Dynamics of evolutionary succession and coordination between opposite adaptations in cuckoo hosts under antagonistic coevolution

Adaptations are driven by specific natural selection pressures throughout biological evolution. However, these cannot inherently align with future shifts in selection dynamics, thus

manifesting in opposing directions. We performed field experiments on cuckoo hosts to investigate the coexistence and conflict between two evolutionarily successive but opposing behavioral

adaptations—egg retrieval and rejection. Our findings provide key insights. (1) Egg rejection against brood parasites in hosts reshapes egg retrieval to flexible reactions—retrieval,

ignoring, or outright rejection of foreign eggs outside the nest cup, departing from instinctual retrieval. (2) Parasitism pressure and egg mimicry by parasites remarkably alter the

proportions of the three host reactions. Host species with higher parasitism pressure exhibit frequent and rapid rejection of non-mimetic foreign eggs and reduced ignoring or retrieval

responses. Conversely, heightened egg mimicry enhances retrieval behaviors while diminishing ignoring responses. (3) Cuckoos employ consistent mechanisms for rejecting foreign eggs inside or

outside the nest cup. Direct rejection of eggs outside the nest cup shows that rejection precedes retrieval, indicating prioritization of specific adaptation over instinct. (4) Cuckoo hosts

navigate the conflict between the intentions and motivations associated with egg rejection and retrieval by ignoring foreign eggs, a specific outcome of the rejection–retrieval tradeoff.
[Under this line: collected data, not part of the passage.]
(* Let $G$ be a commutative group, $H$ its torsion subgroup, and $U\subset G$ a nonempty finite set. If $U$ is contained in a single coset of $H$, then \[ \alpha(U)=\alpha'(U)=\alpha''(U)=\beta(U)=\beta'(U)=\beta''(U)=1; \] otherwise $\beta(U)\ge2$ and $\alpha(U)\ge3/2$.
   Context: With $A,B$ ranging over nonempty finite subsets of $G$: $\alpha(U)=\inf_{A\supset U,B\supset U}\frac{|A+B|}{\sqrt{|A||B|}}$; $\alpha'(U)=\inf_{A\supset U,B\supset U,|A|=|B|}\frac{|A+B|}{|A|}$; $\alpha''(U)=\inf_{A\supset U}\frac{|A+A|}{|A|}$; $\beta(U)=\inf_{A,B}\frac{|A+B+U|}{\sqrt{|A||B|}}$; $\beta'(U)=\inf_{A,B,|A|=|B|}\frac{|A+B+U|}{\sqrt{|A||B|}}$; $\beta''(U)=\inf_A\frac{|A+A+U|}{|A|}$. *)

From HB Require Import structures.
From mathcomp Require Import all_boot all_order all_algebra.
From mathcomp Require Import finmap.
From mathcomp Require Import boolp classical_sets reals.
Set Implicit Arguments. Unset Strict Implicit. Unset Printing Implicit Defensive.
Import Order.TTheory GRing.Theory Num.Theory.
Local Open Scope ring_scope.
Local Open Scope fset_scope.

Definition sumset (G : zmodType) (A B : {fset G}) : {fset G} :=
  [fset (a + b)%R | a in A, b in B].

Definition torsion (G : zmodType) (x : G) : Prop :=
  exists n : nat, (0 < n)%N /\ x *+ n = 0.

Section Const.
Variables (R : realType) (G : zmodType).
Local Open Scope classical_set_scope.

Definition card_r (A : {fset G}) : R := (#|` A|)%:R.

Definition alpha (U : {fset G}) : R :=
  inf [set r : R | exists A B : {fset G}, [/\ A != fset0, B != fset0,
     fsubset U A, fsubset U B &
     r = card_r (sumset A B) / Num.sqrt (card_r A * card_r B)]].

Definition alpha' (U : {fset G}) : R :=
  inf [set r : R | exists A B : {fset G}, [/\ A != fset0, B != fset0,
     fsubset U A, fsubset U B &
     (#|` A| = #|` B|)%N /\ r = card_r (sumset A B) / card_r A]].

Definition alpha'' (U : {fset G}) : R :=
  inf [set r : R | exists A : {fset G}, [/\ A != fset0, fsubset U A &
     r = card_r (sumset A A) / card_r A]].

Definition beta (U : {fset G}) : R :=
  inf [set r : R | exists A B : {fset G}, [/\ A != fset0, B != fset0 &
     r = card_r (sumset (sumset A B) U) / Num.sqrt (card_r A * card_r B)]].

Definition beta' (U : {fset G}) : R :=
  inf [set r : R | exists A B : {fset G}, [/\ A != fset0, B != fset0,
     (#|` A| = #|` B|)%N &
     r = card_r (sumset (sumset A B) U) / Num.sqrt (card_r A * card_r B)]].

Definition beta'' (U : {fset G}) : R :=
  inf [set r : R | exists A : {fset G}, A != fset0 /\
     r = card_r (sumset (sumset A A) U) / card_r A].
End Const.

(* If every u - g is torsion, U lies in a coset g + K of a finite subgroup K, and
   A = g + K (for the alpha's) or A = B = K (for the beta's) make the ratio 1, while
   |A + B| >= max(|A|, |B|) bounds every ratio below by 1.
   Otherwise some x = u1 - u0 with u0, u1 in U has infinite order.  Cut a finite set
   into fibers, its intersections with cosets of <x>; a set E inside one coset behaves
   like a set of integers, so |E + F| >= |E| + |F| - 1 for such E and F.  Summing over
   the fibers of B, (N + |E| - 1) |B| <= N |E + B| when E lies in one coset and every
   fiber of B has at most N elements.  With E the largest fiber of A (of size M) and
   N the size of the largest fiber of B, this and its mirror image multiply to
   (M + N - 1)^2 |A| |B| <= M N |A + B|^2.  For alpha, u0 and u1 force M, N >= 2, so
   (M + N - 1)^2 >= 9 M N / 4.  For beta, E = (fiber of A) + {u0, u1} has M + 1
   elements, giving (M + N)^2 |A| |B| <= M N |A + B + U|^2 and (M + N)^2 >= 4 M N. *)

From HB Require Import structures.
From mathcomp Require Import all_boot all_order all_algebra.
From mathcomp Require Import finmap.
From mathcomp Require Import boolp classical_sets reals.
From mathcomp Require Import zify.
Set Implicit Arguments. Unset Strict Implicit. Unset Printing Implicit Defensive.
Import Order.TTheory GRing.Theory Num.Theory.
Local Open Scope fset_scope.
Local Open Scope ring_scope.

Lemma fset_neq0 (T : choiceType) (A : {fset T}) a : a \in A -> A != fset0.
Proof. by move=> aA; apply/fset0Pn; exists a. Qed.

Section Sumset.
Variable G : zmodType.
Implicit Types (A B C : {fset G}) (g : G).

Lemma sumsetP A B z :
  reflect (exists2 a, a \in A & exists2 b, b \in B & z = a + b) (z \in sumset A B).
Proof. exact: imfset2P. Qed.

Lemma mem_sumset A B a b : a \in A -> b \in B -> a + b \in sumset A B.
Proof. by move=> aA bB; apply/sumsetP; exists a => //; exists b. Qed.

Lemma sumsetS A A' B B' :
  fsubset A A' -> fsubset B B' -> fsubset (sumset A B) (sumset A' B').
Proof.
move=> /fsubsetP sAA' /fsubsetP sBB'; apply/fsubsetP => _ /sumsetP[a aA [b bB ->]].
by apply: mem_sumset; [apply: sAA' | apply: sBB'].
Qed.

Lemma sumsetC A B : sumset A B = sumset B A.
Proof.
by apply/fsetP => z; apply/sumsetP/sumsetP => -[a aA [b bB ->]];
  exists b => //; exists a => //; rewrite addrC.
Qed.

Lemma sumsetAC A B C : sumset (sumset A B) C = sumset (sumset A C) B.
Proof.
apply/fsetP => z; apply/sumsetP/sumsetP => -[_ /sumsetP[a aA [b bB ->]] [c cC ->]];
  by exists (a + c); rewrite ?mem_sumset //; exists b; rewrite // addrAC.
Qed.

Definition translate g A : {fset G} := [fset g + a | a in A].

Lemma card_translate g A : #|` translate g A| = #|` A|.
Proof. by rewrite card_imfset //; apply: addrI. Qed.

Lemma leq_card_sumsetl A B b : b \in B -> (#|` A| <= #|` sumset A B|)%N.
Proof.
move=> bB; rewrite -(card_translate b) fsubset_leq_card //.
by apply/fsubsetP => _ /imfsetP[a aA ->]; rewrite addrC mem_sumset.
Qed.

Lemma leq_card_sumsetr A B a : a \in A -> (#|` B| <= #|` sumset A B|)%N.
Proof. by rewrite sumsetC; apply: leq_card_sumsetl. Qed.

Lemma card_sumset_sqr A B :
  A != fset0 -> B != fset0 -> (#|` A| * #|` B| <= #|` sumset A B| ^ 2)%N.
Proof.
move=> /fset0Pn[a aA] /fset0Pn[b bB]; rewrite expnS expn1.
by apply: leq_mul; [apply: leq_card_sumsetl bB | apply: leq_card_sumsetr aA].
Qed.

Lemma card_sumset3_sqr A B U : A != fset0 -> B != fset0 -> U != fset0 ->
  (#|` A| * #|` B| <= #|` sumset (sumset A B) U| ^ 2)%N.
Proof.
move=> An0 Bn0 /fset0Pn[u uU]; apply: leq_trans (card_sumset_sqr An0 Bn0) _.
by rewrite leq_exp2r // (leq_card_sumsetl _ uU).
Qed.

End Sumset.

Section Torsion.
Variable G : zmodType.
Implicit Types (K U : {fset G}) (g x : G).

Lemma mulrn_modn x n m : x *+ n = 0 -> x *+ m = x *+ (m %% n).
Proof. by move=> xn0; rewrite {1}(divn_eq m n) mulrnDr mulnC mulrnA xn0 mul0rn add0r. Qed.

Definition multiples x n : {fset G} := [fset x *+ i | i in iota 0 n].

Lemma mem_multiples x n m : (0 < n)%N -> x *+ n = 0 -> x *+ m \in multiples x n.
Proof.
move=> n_gt0 xn0; rewrite (mulrn_modn m xn0); apply/imfsetP.
by exists (m %% n)%N; rewrite //= mem_iota add0n ltn_pmod.
Qed.

Definition fsubmonoid K : Prop := 0 \in K /\ {in K &, forall a b, a + b \in K}.

Lemma multiples_fsubmonoid x n : (0 < n)%N -> x *+ n = 0 -> fsubmonoid (multiples x n).
Proof.
move=> n_gt0 xn0; split; first by rewrite -(mulr0n x) mem_multiples.
by move=> _ _ /imfsetP[i _ ->] /imfsetP[j _ ->]; rewrite -mulrnDr mem_multiples.
Qed.

Lemma sumset_fsubmonoid K K' :
  fsubmonoid K -> fsubmonoid K' -> fsubmonoid (sumset K K').
Proof.
move=> [K0 KD] [K'0 K'D]; split; first by rewrite -[0]addr0 mem_sumset.
move=> _ _ /sumsetP[a aK [b bK' ->]] /sumsetP[a' a'K [b' b'K' ->]].
by rewrite addrACA mem_sumset ?KD ?K'D.
Qed.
Biological evolution involves changes in organism population properties that transcend the lifetime of a single individual1. Such changes are adaptations wherein organisms interact with

various factors, including conspecifics, other species, and the environment2,3. Natural selection changes in direction and intensity over time, and therefore, does not always remain

constant4. Consequently, a current adaptation cannot predict or guarantee its adaptability in the future during evolution. For example, the well-known blind spot in the human eye results

from a conflict between optic nerve conduction and the inner lining of the retina5. The blind spot provides evidence that an adaptation cannot predict consequences but evolves based on

previous events, even if they are contradictory. Behavior is the forerunner of evolution, but studying different behavioral adaptations along an evolutionary trajectory is difficult due to

the lack of fossil or anatomical evidence6,7. However, egg retrieval and rejection behaviors in birds may provide a testable case for such studies.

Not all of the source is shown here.